## WHAT YOU SHOULD DO
Scan the lines below for the string "replace" and copy every one that has it.

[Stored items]
# # # # # # #

Lemma modn_transition n (P : pred nat) i j : i < n -> j < n -> P i -> ~~ P j ->
  exists2 a, a < n & P a && ~~ P (a.+1 %% n).
Proof.
move=> lti ltj Pi nPj; have n_gt0 : 0 < n by lia.
have [a /andP[Pa nPa] | none] := pickP (fun a : 'I_n => P a && ~~ P (a.+1 %% n)).
  by exists a; rewrite ?Pa.
have Pk k : P ((i + k) %% n).
  elim: k => [|k IH]; first by rewrite addn0 modn_small.
  have := none (Ordinal (ltn_pmod (i + k) n_gt0)).
  by rewrite /= IH /= => /negbFE; rewrite addnS -addn1 modnDml addn1.
have := Pk (j + n - i); rewrite (_ : i + _ = j + n); last by lia.
by rewrite modnDr modn_small // (negbTE nPj).
Qed.

Section Cycles.
Variables (V E : finType) (ends : E -> V * V).
Local Notation joins := (joins ends).
Local Notation adj := (adj ends).
Local Notation has_cycle := (has_cycle ends).
Implicit Types (W : {set V}) (F : {set E}) (K : {set V}).

Definition is_cycle W F (vs : seq V) (es : seq E) : Prop :=
  [/\ 0 < size es, size vs = size es, uniq vs & uniq es] /\
  [/\ all (mem W) vs, all (mem F) es &
      all (fun t => joins t.1 t.2.1 t.2.2) (zip es (zip vs (rot 1 vs)))].

Lemma has_cycleP W F : has_cycle W F <-> exists vs es, is_cycle W F vs es.
Proof. by []. Qed.

Lemma is_cycleP W F vs es v0 e0 :
  [/\ 0 < size es, size vs = size es, uniq vs & uniq es] ->
  is_cycle W F vs es <->
  forall i, i < size es ->
    [/\ nth v0 vs i \in W, nth e0 es i \in F &
        joins (nth e0 es i) (nth v0 vs i) (nth v0 vs (i.+1 %% size es))].
Proof.
move=> shape; have [_ sz _ _] := shape.
have szz : size (zip vs (rot 1 vs)) = size es by rewrite size_zip size_rot minnn.
have nth_zip2 i : i < size es -> nth (e0, (v0, v0)) (zip es (zip vs (rot 1 vs))) i =
    (nth e0 es i, (nth v0 vs i, nth v0 vs (i.+1 %% size es))).
  by move=> lti; rewrite nth_zip ?szz // nth_zip ?size_rot //= nth_rot1 ?sz.
split=> [[_ [/all_nthP aW /all_nthP aF /all_nthP aJ]] i lti | h].
  split; [by apply: aW; rewrite sz | exact: aF |].
  by have := aJ (e0, (v0, v0)) i; rewrite size_zip szz minnn nth_zip2 //; apply.
split=> //; split.
- by apply/(all_nthP v0) => i; rewrite sz => /h[].
- by apply/(all_nthP e0) => i /h[].
apply/(all_nthP (e0, (v0, v0))) => i; rewrite size_zip szz minnn => lti.
by rewrite nth_zip2 //; case: (h i lti).
Qed.

Lemma is_cycle_shape W F vs es : is_cycle W F vs es ->
  [/\ 0 < size es, size vs = size es, uniq vs & uniq es].
Proof. by case. Qed.

Lemma is_cycle_nth W F vs es v0 e0 i : is_cycle W F vs es -> i < size es ->
  [/\ nth v0 vs i \in W, nth e0 es i \in F &
      joins (nth e0 es i) (nth v0 vs i) (nth v0 vs (i.+1 %% size es))].
Proof. by move=> c; move: i; apply/(is_cycleP _ _ v0 e0 (is_cycle_shape c)). Qed.

Lemma is_cycle_vertex W F vs es v0 v : is_cycle W F vs es -> v \in vs ->
  exists2 i, i < size es & v = nth v0 vs i.
Proof.
case=> [[_ sz _ _] _] vin; exists (index v vs); first by rewrite -sz index_mem.
by rewrite nth_index.
Qed.

Lemma is_cycle_nonempty W F vs es : is_cycle W F vs es ->
  exists (v0 : V) (e0 : E), v0 \in vs /\ e0 \in es.
Proof.
case=> [[+ + _ _] _]; case: vs => [|v ?]; case: es => [|e ?] //= _ _.
by exists v, e; rewrite !mem_head.
Qed.
Definition dKint (x t : R) : R := sin t ^ 2 * Kint x t ^ 3 / 2.
Definition dK (x : R) : R := RInt (dKint x) 0 (PI / 2).

Definition d2Kint (x t : R) : R := 3 / 4 * sin t ^ 4 * Kint x t ^ 5.
Definition d2K (x : R) : R := RInt (d2Kint x) 0 (PI / 2).

Lemma PI2_pos : 0 < PI / 2.
Proof. pose proof PI_RGT_0. lra. Qed.

Lemma sin_cos_sq (t : R) : cos t ^ 2 = 1 - sin t ^ 2.
Proof. pose proof (sin2_cos2 t). unfold Rsqr in *. simpl. lra. Qed.

Lemma sin_cos_pos (t : R) : 0 < t < PI / 2 -> 0 < sin t < 1 /\ 0 < cos t.
Proof.
  intros Ht. pose proof PI_RGT_0.
  assert (0 < sin t) by (apply sin_gt_0; lra).
  assert (0 < cos t) by (apply cos_gt_0; lra).
  pose proof (sin_cos_sq t). repeat split; nra.
Qed.

Lemma Kint_den_pos (x t : R) : x < 1 -> 0 < 1 - x * sin t ^ 2.
Proof.
  intros Hx. pose proof (sin_cos_sq t). pose proof (pow2_ge_0 (cos t)).
  pose proof (pow2_ge_0 (sin t)). destruct (Rle_dec x 0); nra.
Qed.

Lemma sqrt_Kint_den_pos (x t : R) : x < 1 -> 0 < sqrt (1 - x * sin t ^ 2).
Proof. intros Hx. apply sqrt_lt_R0, Kint_den_pos, Hx. Qed.

Lemma Kint_pos (x t : R) : x < 1 -> 0 < Kint x t.
Proof. intros Hx. apply Rinv_0_lt_compat, sqrt_Kint_den_pos, Hx. Qed.

Lemma Kint_sq (x t : R) : x < 1 -> Kint x t ^ 2 * (1 - x * sin t ^ 2) = 1.
Proof.
  intros Hx. unfold Kint. pose proof (sqrt_Kint_den_pos x t Hx).
  rewrite <- (sqrt_sqrt (1 - x * sin t ^ 2)) at 2 by (apply Rlt_le, Kint_den_pos, Hx).
  field. lra.
Qed.

Lemma Kint_at_0 (x : R) : Kint x 0 = 1.
Proof.
  unfold Kint. rewrite sin_0. replace (1 - x * 0 ^ 2) with 1 by ring.
  rewrite sqrt_1. apply Rinv_1.
Qed.

(* [auto_derive] spells [1 - x * sin t ^ 2] as [1 + - (x * (sin t * (sin t * 1)))]. *)
Ltac fold_Kint_den :=
  repeat match goal with
  | |- context [1 + - (?x * (sin ?t * (sin ?t * 1)))] =>
      replace (1 + - (x * (sin t * (sin t * 1)))) with (1 - x * sin t ^ 2) by ring
  end.

Lemma is_derive_Kint (x t : R) : x < 1 -> is_derive (fun u => Kint u t) x (dKint x t).
Proof.
  intros Hx. pose proof (sqrt_Kint_den_pos x t Hx). pose proof (Kint_den_pos x t Hx).
  unfold dKint, Kint. auto_derive; fold_Kint_den.
  - repeat split; lra.
  - field. lra.
Qed.

Lemma is_derive_dKint (x t : R) : x < 1 -> is_derive (fun u => dKint u t) x (d2Kint x t).
Proof.
  intros Hx. pose proof (sqrt_Kint_den_pos x t Hx). pose proof (Kint_den_pos x t Hx).
  unfold d2Kint, dKint, Kint. auto_derive; fold_Kint_den.
  - repeat split; lra.
  - field. lra.
Qed.

Lemma is_derive_Kint_t (x t : R) : x < 1 ->
  is_derive (Kint x) t (x * sin t * cos t * Kint x t ^ 3).
Proof.
  intros Hx. pose proof (sqrt_Kint_den_pos x t Hx). pose proof (Kint_den_pos x t Hx).
  unfold Kint. auto_derive; fold_Kint_den.
  - repeat split; lra.
  - field. lra.
Qed.

Lemma ex_derive_Kint_t (x t : R) : x < 1 -> ex_derive (Kint x) t.
Proof. intros Hx. eexists. now apply is_derive_Kint_t. Qed.

(* Continuity in [t] of all the integrands below: [auto_derive] reduces differentiability
   to that of [Kint x]. *)
Ltac continuous_in_t :=
  apply (@ex_derive_continuous R_AbsRing R_NormedModule);
  auto_derive; repeat split; auto; try (apply ex_derive_Kint_t; auto).

Lemma continuous_Kint (x t : R) : x < 1 -> continuous (Kint x) t.
Proof. intros Hx. pose proof (ex_derive_Kint_t x t Hx). continuous_in_t. Qed.

Lemma continuous_dKint (x t : R) : x < 1 -> continuous (dKint x) t.
Proof. intros Hx. pose proof (ex_derive_Kint_t x t Hx). unfold dKint. continuous_in_t. Qed.

Lemma continuity_2d_pt_pow (f : R -> R -> R) (x y : R) (n : nat) :
  continuity_2d_pt f x y -> continuity_2d_pt (fun u v => f u v ^ n) x y.
Proof.
  intros Hf. induction n as [|n IH]; simpl.
  - apply continuity_2d_pt_const.
  - now apply continuity_2d_pt_mult.
Qed.

Lemma continuity_2d_pt_sin (x y : R) : continuity_2d_pt (fun _ v => sin v) x y.
Proof.
  apply continuity_1d_2d_pt_comp with (f := sin) (g := fun _ v => v).
  - apply continuity_sin.
  - apply continuity_2d_pt_id2.
Qed.

Lemma continuity_2d_pt_sin_pow (x t : R) (n : nat) :
  continuity_2d_pt (fun _ v => sin v ^ n) x t.
Proof. apply continuity_2d_pt_pow, continuity_2d_pt_sin. Qed.

Lemma continuity_2d_pt_Kint (x t : R) : x < 1 -> continuity_2d_pt Kint x t.
Proof.
  intros Hx. unfold Kint. apply continuity_2d_pt_inv.
  2: { apply Rgt_not_eq, sqrt_Kint_den_pos, Hx. }
  apply continuity_1d_2d_pt_comp with (f := sqrt) (g := fun u v => 1 - u * sin v ^ 2).
  - apply continuity_pt_sqrt, Rlt_le, Kint_den_pos, Hx.
  - apply continuity_2d_pt_minus; [apply continuity_2d_pt_const |].
    apply continuity_2d_pt_mult; [apply continuity_2d_pt_id1 |].
    apply continuity_2d_pt_sin_pow.
Qed.

Lemma continuity_2d_pt_dKint (x t : R) : x < 1 -> continuity_2d_pt dKint x t.
Proof.
  intros Hx. unfold dKint, Rdiv.
  apply continuity_2d_pt_mult; [apply continuity_2d_pt_mult |].
  - apply continuity_2d_pt_sin_pow.
  - apply continuity_2d_pt_pow, continuity_2d_pt_Kint, Hx.
  - apply continuity_2d_pt_const.
Qed.

Lemma continuity_2d_pt_d2Kint (x t : R) : x < 1 -> continuity_2d_pt d2Kint x t.
Proof.
  intros Hx. unfold d2Kint.
  apply continuity_2d_pt_mult; [apply continuity_2d_pt_mult |].
  - apply continuity_2d_pt_const.
  - apply continuity_2d_pt_sin_pow.
  - apply continuity_2d_pt_pow, continuity_2d_pt_Kint, Hx.
Qed.

Lemma is_derive_K (x : R) : x < 1 -> is_derive K x (dK x).
Proof.
  intros Hx. apply is_derive_RInt_param_lt with (c := 1); auto.
  - intros. now apply is_derive_Kint.
  - intros. now apply continuity_2d_pt_dKint.
  - intros. now apply continuous_Kint.
Qed.

Lemma is_derive_dK (x : R) : x < 1 -> is_derive dK x (d2K x).
Proof.
  intros Hx. apply is_derive_RInt_param_lt with (c := 1); auto.
  - intros. now apply is_derive_dKint.
  - intros. now apply continuity_2d_pt_d2Kint.
  - intros. now apply continuous_dKint.
Qed.

Lemma Kx_eq_K (x : R) : 0 <= x -> Kx x = K x.
Proof.
  intros Hx. unfold Kx, ellipticK, K. apply RInt_ext. intros t _.
  unfold Kint. now rewrite pow2_sqrt.
Qed.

# # # # # # #

## TASK RESPONSE
  unfold Kint. rewrite sin_0. replace (1 - x * 0 ^ 2) with 1 by ring.
      replace (1 + - (x * (sin t * (sin t * 1)))) with (1 - x * sin t ^ 2) by ring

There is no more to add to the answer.